It is far easier to compute the complement — the probability that everyone’s birthday is different — and subtract from 1.
Line the people up. The 1st person can have any birthday. The 2nd must avoid that one day: \(\tfrac{364}{365}\). The 3rd must avoid two days: \(\tfrac{363}{365}\), and so on. Multiplying: \[P(\text{all different}) = \frac{365}{365}\cdot\frac{364}{365}\cdots\frac{365-K+1}{365} = \frac{365!}{(365-K)!\,\;365^{K}}.\]
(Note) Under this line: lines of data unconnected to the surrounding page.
Definition simple_graph (T : finType) (e : rel T) : Prop :=
  symmetric e /\ irreflexive e.

Definition deg (T : finType) (e : rel T) (u : T) : nat := #|[set v | e u v]|.

Definition regular (T : finType) (e : rel T) (d : nat) : Prop :=
  forall u, deg e u = d.

Definition laplacian (R : nzRingType) (T : finType) (e : rel T) : 'M[R]_#|T| :=
  \matrix_(i, j)
    (if enum_val i == enum_val j then (deg e (enum_val i))%:R
     else if e (enum_val i) (enum_val j) then -1 else 0).

Definition orth_proj (R : fieldType) (m n : nat) (B : 'M[R]_(m, n)) : 'M[R]_n :=
  let Bb := row_base B in (Bb^T *m invmx (Bb *m Bb^T)) *m Bb.

(* E_lambda : orthogonal projection onto the lambda-eigenspace of L
   (the zero matrix when lambda is not an eigenvalue). *)
Definition eigproj (R : fieldType) (n : nat) (L : 'M[R]_n) (lam : R) : 'M[R]_n :=
  orth_proj (eigenspace L lam).

Definition evec (R : nzRingType) (T : finType) (u : T) : 'cV[R]_#|T| :=
  \col_i (enum_val i == u)%:R.

Definition eig_support (R : fieldType) (T : finType) (e : rel T) (u : T) (lam : R) : Prop :=
  eigproj (laplacian R e) lam *m evec R u != 0.

Definition strongly_cospectral (R : fieldType) (T : finType) (e : rel T) (u v : T) : Prop :=
  forall lam : R, eig_support e u lam ->
    (eigproj (laplacian R e) lam *m evec R u = eigproj (laplacian R e) lam *m evec R v
     \/ eigproj (laplacian R e) lam *m evec R u = - (eigproj (laplacian R e) lam *m evec R v)).

Definition blowup2 (T : finType) (e : rel T) : rel ('I_2 * T) :=
  fun x y => e x.2 y.2.

Definition z0 : 'I_2 := @Ordinal 2 0 isT.
Definition z1 : 'I_2 := @Ordinal 2 1 isT.

Definition complete_graph (n : nat) : rel 'I_n := fun i j => i != j.

Definition cycle_graph (n : nat) : rel 'I_n :=
  fun i j => ((val j == (val i).+1 %% n) || (val i == (val j).+1 %% n))%N.

Definition hypercube (d : nat) : rel {ffun 'I_d -> bool} :=
  fun f g => #|[set i | f i != g i]| == 1%N.

From mathcomp Require Import all_boot all_order all_algebra.
From mathcomp Require Import lra zify.
Set Implicit Arguments. Unset Strict Implicit. Unset Printing Implicit Defensive.
Import Order.TTheory GRing.Theory Num.Theory.
Local Open Scope ring_scope.

(* Let [a = (0, u)] and [b = (1, u)] in the blow-up of a [d]-regular graph [G],
   with Laplacian eigenprojections [E_lam].  Since [e_a - e_b] is a Laplacian
   eigenvector for [2 d], [E_lam e_a = E_lam e_b] for [lam <> 2 d], whereas
   [E_(2d) e_a - E_(2d) e_b = e_a - e_b <> 0]; so [a] and [b] are strongly
   cospectral iff [E_(2d) (e_a + e_b) = 0], i.e. iff every [2 d]-eigenvector of
   the blow-up takes opposite values at [a] and [b].  Adding up the two copies,
   these eigenvectors correspond to the [g] on [G] with [A g = 0], which by
   regularity are the [d]-eigenvectors of [L(G)]; so the condition says that
   all of them vanish at [u], i.e. that [d] is not in the support of [u]. *)

Lemma mulmx_eq0_rowspace (F : fieldType) m n (B : 'M[F]_(m, n)) (x : 'cV[F]_n) :
  B *m x = 0 <-> forall w : 'rV_n, (w <= B)%MS -> w *m x = 0.
Proof.
split=> [Bx w /submxP [D ->] | wx]; first by rewrite -mulmxA Bx mulmx0.
by apply/row_matrixP => i; rewrite row_mul row0; apply: wx; exact: row_sub.
Qed.

Section OrthProj.
Variable R : realFieldType.

Lemma rV_mul_tr_eq0 k (v : 'rV[R]_k) : v *m v^T = 0 -> v = 0.
Proof.
move=> /matrixP/(_ 0 0); rewrite !mxE => sum_sq0.
apply/matrixP => i j; rewrite (ord1 i) mxE.
have /(_ j isT) : forall j0 : 'I_k, true -> v 0 j0 * v^T j0 0 = 0.
  by apply: psumr_eq0P sum_sq0 => j0 _; rewrite mxE -expr2 sqr_ge0.
by rewrite mxE => /eqP; rewrite mulf_eq0 orbb => /eqP.
Qed.

Lemma row_free_gram_unitmx m n (B : 'M[R]_(m, n)) :
  row_free B -> B *m B^T \in unitmx.
Proof.
move=> freeB; rewrite -row_free_unit -kermx_eq0 -submx0; apply/row_subP => i.
set c := row i (kermx (B *m B^T)).
have cBBt : c *m (B *m B^T) = 0 by apply/sub_kermxP; exact: row_sub.
have cB : c *m B = 0.
  by apply: rV_mul_tr_eq0; rewrite trmx_mul mulmxA -(mulmxA c B) cBBt mul0mx.
have : (c <= kermx B)%MS by apply/sub_kermxP.
by move: freeB; rewrite -kermx_eq0 => /eqP ->.
Qed.

Lemma orth_proj_mul_eq0 m n (B : 'M[R]_(m, n)) (x : 'cV[R]_n) :
  orth_proj B *m x = 0 <-> B *m x = 0.
Proof.
rewrite /orth_proj; set Bb := row_base B.
have Bb_unit : Bb *m Bb^T \in unitmx := row_free_gram_unitmx (row_base_free B).
have /submxP [C BC] : (B <= Bb)%MS by rewrite eq_row_base.
have /submxP [D BbD] : (Bb <= B)%MS by rewrite eq_row_base.
clearbody Bb; split=> [Px | ].
- suff Bbx : Bb *m x = 0 by rewrite BC -mulmxA Bbx mulmx0.
  have := congr1 (mulmx Bb) Px; rewrite mulmx0 !mulmxA.
  by rewrite mulmxV // mul1mx.
- by rewrite BbD -!mulmxA => ->; rewrite !mulmx0.
Qed.

Lemma orth_proj_mul_id m n (B : 'M[R]_(m, n)) (x : 'cV[R]_n) :
  (x^T <= B)%MS -> orth_proj B *m x = x.
Proof.
rewrite /orth_proj; set Bb := row_base B => xB.
have Bb_unit : Bb *m Bb^T \in unitmx := row_free_gram_unitmx (row_base_free B).
have /submxP [c xc] : (x^T <= Bb)%MS by rewrite eq_row_base.
clearbody Bb; have -> : x = Bb^T *m c^T by rewrite -trmx_mul -xc trmxK.
by rewrite -!mulmxA (mulmxA Bb) (mulmxA (invmx _)) mulVmx // mul1mx.
Qed.

Lemma eigproj_mul_eigvec n (L : 'M[R]_n) (z : 'cV_n) lam mu :
  L^T = L -> L *m z = mu *: z ->
  eigproj L lam *m z = if lam == mu then z else 0.
Proof.
move=> L_sym Lz; case: eqP => [-> | /eqP lam_mu].
  by apply: orth_proj_mul_id; apply/eigenspaceP; rewrite -{1}L_sym -trmx_mul Lz linearZ.
rewrite /eigproj orth_proj_mul_eq0 mulmx_eq0_rowspace => w /eigenspaceP wL.
have : w *m L *m z = w *m (L *m z) by rewrite mulmxA.
rewrite wL Lz -scalemxAl -scalemxAr => /eqP; rewrite -subr_eq0 -scalerBl.
by rewrite scaler_eq0 subr_eq0 (negbTE lam_mu) => /eqP.
Qed.

End OrthProj.

Section Laplacian.
Variables (R : realFieldType) (T : finType) (e : rel T).
Hypothesis e_simple : simple_graph e.

Definition lap_eigfun (lam : R) (g : T -> R) :=
  forall y, (deg e y)%:R * g y - \sum_(x | e y x) g x = lam * g y.

Lemma lap_eigfun_ext lam g1 g2 : g1 =1 g2 -> lap_eigfun lam g1 -> lap_eigfun lam g2.
Proof.
move=> g12 g1_eig y; rewrite -g12 -(g1_eig y).
by congr (_ - _); apply: eq_bigr => x _; rewrite g12.
Qed.

Definition rV_fun (w : 'rV[R]_#|T|) (x : T) : R := w 0 (enum_rank x).

Lemma laplacian_sym : (laplacian R e)^T = laplacian R e.
Proof.
case: e_simple => e_sym _; apply/matrixP => i j; rewrite !mxE eq_sym e_sym.
by case: eqP => // ->.
Qed.

Lemma sum_enum_val (F : T -> R) : \sum_(i < #|T|) F (enum_val i) = \sum_x F x.
Proof.
rewrite (reindex (@enum_val T T)) //=.
by exists enum_rank => x _; [exact: enum_valK | exact: enum_rankK].
Qed.

Lemma row_mul_laplacian (w : 'rV[R]_#|T|) y :
  (w *m laplacian R e) 0 (enum_rank y) =
  (deg e y)%:R * rV_fun w y - \sum_(x | e y x) rV_fun w x.
Proof.
case: e_simple => e_sym e_irr; rewrite mxE.
under eq_bigr => i _ do rewrite mxE enum_rankK -{1}(enum_valK i).
rewrite (sum_enum_val (fun x => rV_fun w x *
  (if x == y then (deg e x)%:R else if e x y then -1 else 0))).
rewrite (bigD1 y) //= eqxx mulrC.
congr (_ + _); rewrite -sumrN big_mkcond [RHS]big_mkcond /=.
apply: eq_bigr => x _; rewrite e_sym; case: eqP => [-> | _] /=; first by rewrite e_irr.
by case: (e y x); rewrite ?mulrN1 ?mulr0 ?oppr0.
Qed.

Lemma laplacian_left_eigenP (w : 'rV[R]_#|T|) lam :
  w *m laplacian R e = lam *: w <-> lap_eigfun lam (rV_fun w).
Proof.
split=> [wL y | w_eig]; first by rewrite -row_mul_laplacian wL mxE.
apply/matrixP => i j; rewrite (ord1 i) -(enum_valK j) row_mul_laplacian w_eig.
by rewrite mxE.
Qed.

Lemma mulmx_rV_cV (w : 'rV[R]_#|T|) (x : 'cV[R]_#|T|) :
  (w *m x) 0 0 = \sum_y rV_fun w y * x (enum_rank y) 0.
Proof.
rewrite mxE -sum_enum_val; apply: eq_bigr => i _; by rewrite /rV_fun enum_valK.
Qed.

Lemma eigproj_mul_eq0 (x : 'cV[R]_#|T|) lam :
  eigproj (laplacian R e) lam *m x = 0 <->
  forall g, lap_eigfun lam g -> \sum_y g y * x (enum_rank y) 0 = 0.
Proof.
have mx11_eq0 (M : 'M[R]_1) : M = 0 <-> M 0 0 = 0.
  by split=> [-> | M00]; [rewrite mxE | rewrite [M]mx11_scalar M00 raddf0].
rewrite /eigproj orth_proj_mul_eq0 mulmx_eq0_rowspace; split.
- move=> x_orth g g_eig; pose w : 'rV[R]_#|T| := \row_i g (enum_val i).
  have wg : rV_fun w =1 g by move=> y; rewrite /rV_fun mxE enum_rankK.
  have /mx11_eq0 : w *m x = 0.
    apply: x_orth; apply/eigenspaceP/laplacian_left_eigenP.
    by apply: lap_eigfun_ext g_eig => y; rewrite wg.
  by rewrite mulmx_rV_cV => w_orth; rewrite -[RHS]w_orth; apply: eq_bigr => y _; rewrite wg.
- move=> x_orth w /eigenspaceP /laplacian_left_eigenP w_eig.
  by apply/mx11_eq0; rewrite mulmx_rV_cV; apply: x_orth.
Qed.

Lemma sum_mul_evec (h : T -> R) a : \sum_y h y * evec R a (enum_rank y) 0 = h a.
Proof.
rewrite (bigD1 a) //= mxE enum_rankK eqxx mulr1 big1 ?addr0 //.
by move=> y /negbTE; rewrite mxE enum_rankK => ->; rewrite mulr0.
Qed.

Lemma eig_supportNP u lam :
  ~ eig_support e u lam <-> forall g, lap_eigfun lam g -> g u = 0.
Proof.
rewrite /eig_support; set Eu := _ *m _.
have -> : ~ (Eu != 0) <-> Eu = 0 by split=> [/negP/negbNE/eqP | ->] //; rewrite eqxx.
rewrite /Eu eigproj_mul_eq0.
by split=> u_null g /u_null; rewrite sum_mul_evec.
Qed.

Lemma strongly_cospectral_antisym a b mu : a != b ->
  lap_eigfun mu (fun x => (x == a)%:R - (x == b)%:R) ->
  strongly_cospectral R e a b <-> forall g, lap_eigfun mu g -> g a + g b = 0.
Proof.
move=> ab ab_eig; set L := laplacian R e; set ea := evec R a; set eb := evec R b.
have Lz : L *m (ea - eb) = mu *: (ea - eb).
  apply: trmx_inj; rewrite trmx_mul laplacian_sym linearZ /=.
  apply/laplacian_left_eigenP; apply: lap_eigfun_ext ab_eig => x.
  by rewrite /rV_fun !mxE enum_rankK.
have Ez lam := eigproj_mul_eigvec lam laplacian_sym Lz.
have z_neq0 : ea - eb != 0.
  apply/eqP => /matrixP/(_ (enum_rank a) 0)/eqP.
  by rewrite !mxE enum_rankK eqxx (negbTE ab) subr0 oner_eq0.
have ea_supp : eigproj L mu *m ea != 0.
  apply/eqP => /eigproj_mul_eq0/(_ _ ab_eig)/eqP.
  by rewrite sum_mul_evec eqxx (negbTE ab) subr0 oner_eq0.
have sum_evecD (g : T -> R) :
    \sum_y g y * (ea + eb) (enum_rank y) 0 = g a + g b.
  rewrite -(sum_mul_evec g a) -(sum_mul_evec g b) -big_split /=.
  by apply: eq_bigr => y _; rewrite mxE mulrDr.
have -> : (forall g, lap_eigfun mu g -> g a + g b = 0) <->
          eigproj L mu *m (ea + eb) = 0.
  by rewrite eigproj_mul_eq0; split=> ab_null g /ab_null; rewrite sum_evecD.
split=> [/(_ mu ea_supp) [Eab | Eab] | Eab_null lam _].
- by move: (Ez mu) z_neq0; rewrite eqxx mulmxBr Eab subrr => <-; rewrite eqxx.
- by rewrite mulmxDr Eab addNr.
have [-> | lam_mu] := eqVneq lam mu.
  by right; apply/eqP; rewrite -addr_eq0 -mulmxDr Eab_null.
by left; apply/eqP; rewrite -subr_eq0 -mulmxBr Ez (negbTE lam_mu).
Qed.

End Laplacian.

Definition adj_null (R : pzRingType) (T : finType) (e : rel T) (g : T -> R) :=
  forall y, \sum_(x | e y x) g x = 0.

Section RegularBlowup.
Variables (R : realFieldType) (T : finType) (e : rel T) (d : nat).
Hypotheses (e_simple : simple_graph e) (e_regular : regular e d).

Lemma regular_lap_eigfunP (g : T -> R) : lap_eigfun e d%:R g <-> adj_null e g.
Proof. by split=> g_eig y; have := g_eig y; rewrite e_regular; lra. Qed.

Lemma regular_eig_supportNP u :
  ~ eig_support e u (d%:R : R) <-> forall g : T -> R, adj_null e g -> g u = 0.
Proof.
rewrite eig_supportNP //.
by split=> u_null g /regular_lap_eigfunP; apply: u_null.
Qed.

Lemma blowup2_simple : simple_graph (blowup2 e).
Proof. by case: e_simple => e_sym e_irr; split=> [x y | x]; [exact: e_sym | exact: e_irr]. Qed.

Lemma deg_blowup2 p : deg (blowup2 e) p = (2 * deg e p.2)%N.
Proof.
rewrite /deg.
have -> : [set q | blowup2 e p q] = setX [set: 'I_2] [set x | e p.2 x].
  by apply/setP => q; rewrite !inE.
by rewrite cardsX cardsT card_ord.
Qed.

Lemma sum_blowup2 (g : 'I_2 * T -> R) p :
  \sum_(q | blowup2 e p q) g q = \sum_(x | e p.2 x) (g (z0, x) + g (z1, x)).
Proof.
transitivity (\sum_(i : 'I_2) \sum_(x | e p.2 x) g (i, x)).
  by rewrite pair_big_dep /=; apply: eq_big => [[i x] | [i x] _].
rewrite big_ord_recl big_ord1 -big_split /=.
by apply: eq_bigr => x _; congr (g (_, _) + g (_, _)); apply/val_inj.
Qed.

Lemma blowup2_lap_eigfunP (g : 'I_2 * T -> R) :
  lap_eigfun (blowup2 e) (2 * d)%N%:R g <->
  adj_null e (fun x => g (z0, x) + g (z1, x)).
Proof.
split=> [g_eig y | g_null p]; last by rewrite deg_blowup2 e_regular sum_blowup2 g_null; lra.
by have := g_eig (z0, y); rewrite deg_blowup2 e_regular sum_blowup2 /=; lra.
Qed.

Theorem blowup2_strongly_cospectralP u :
  strongly_cospectral R (blowup2 e) (z0, u) (z1, u) <->
  forall g : T -> R, adj_null e g -> g u = 0.
Proof.
rewrite (@strongly_cospectral_antisym _ _ _ blowup2_simple _ _ (2 * d)%N%:R) //; last first.
  apply/blowup2_lap_eigfunP => y; rewrite big1 // => x _.
  by rewrite !xpair_eqE /= subr0 sub0r subrr.
split=> [u_null g g_null | u_null g /blowup2_lap_eigfunP /u_null //].
pose g2 (p : 'I_2 * T) := if p.1 == z0 then g p.2 else 0.
rewrite -[g u]addr0; apply: (u_null g2); apply/blowup2_lap_eigfunP => y.
by rewrite -[RHS](g_null y); apply: eq_bigr => x _; rewrite /g2 /= addr0.
Qed.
So the probability of at least one shared birthday is \[P(\text{at least one match}) = 1 - \frac{365!}{(365-K)!\,\;365^{K}}.\]
Plugging in values gives the (famously surprising) numbers:
| People \(K\) | 10 | 23 | 30 | 50 | 57 | 70 |
|---|---|---|---|---|---|---|
| \(P(\text{match})\) | 0.117 | 0.507 | 0.706 | 0.970 | 0.990 | 0.999 |
At \(K = 23\) we cross 50%, and by \(K = 70\) a shared birthday is all but certain. The surprise comes from the fact that we are comparing all pairs of people, and the number of pairs grows fast — there are \(\binom{23}{2} = 253\) pairs among just 23 people.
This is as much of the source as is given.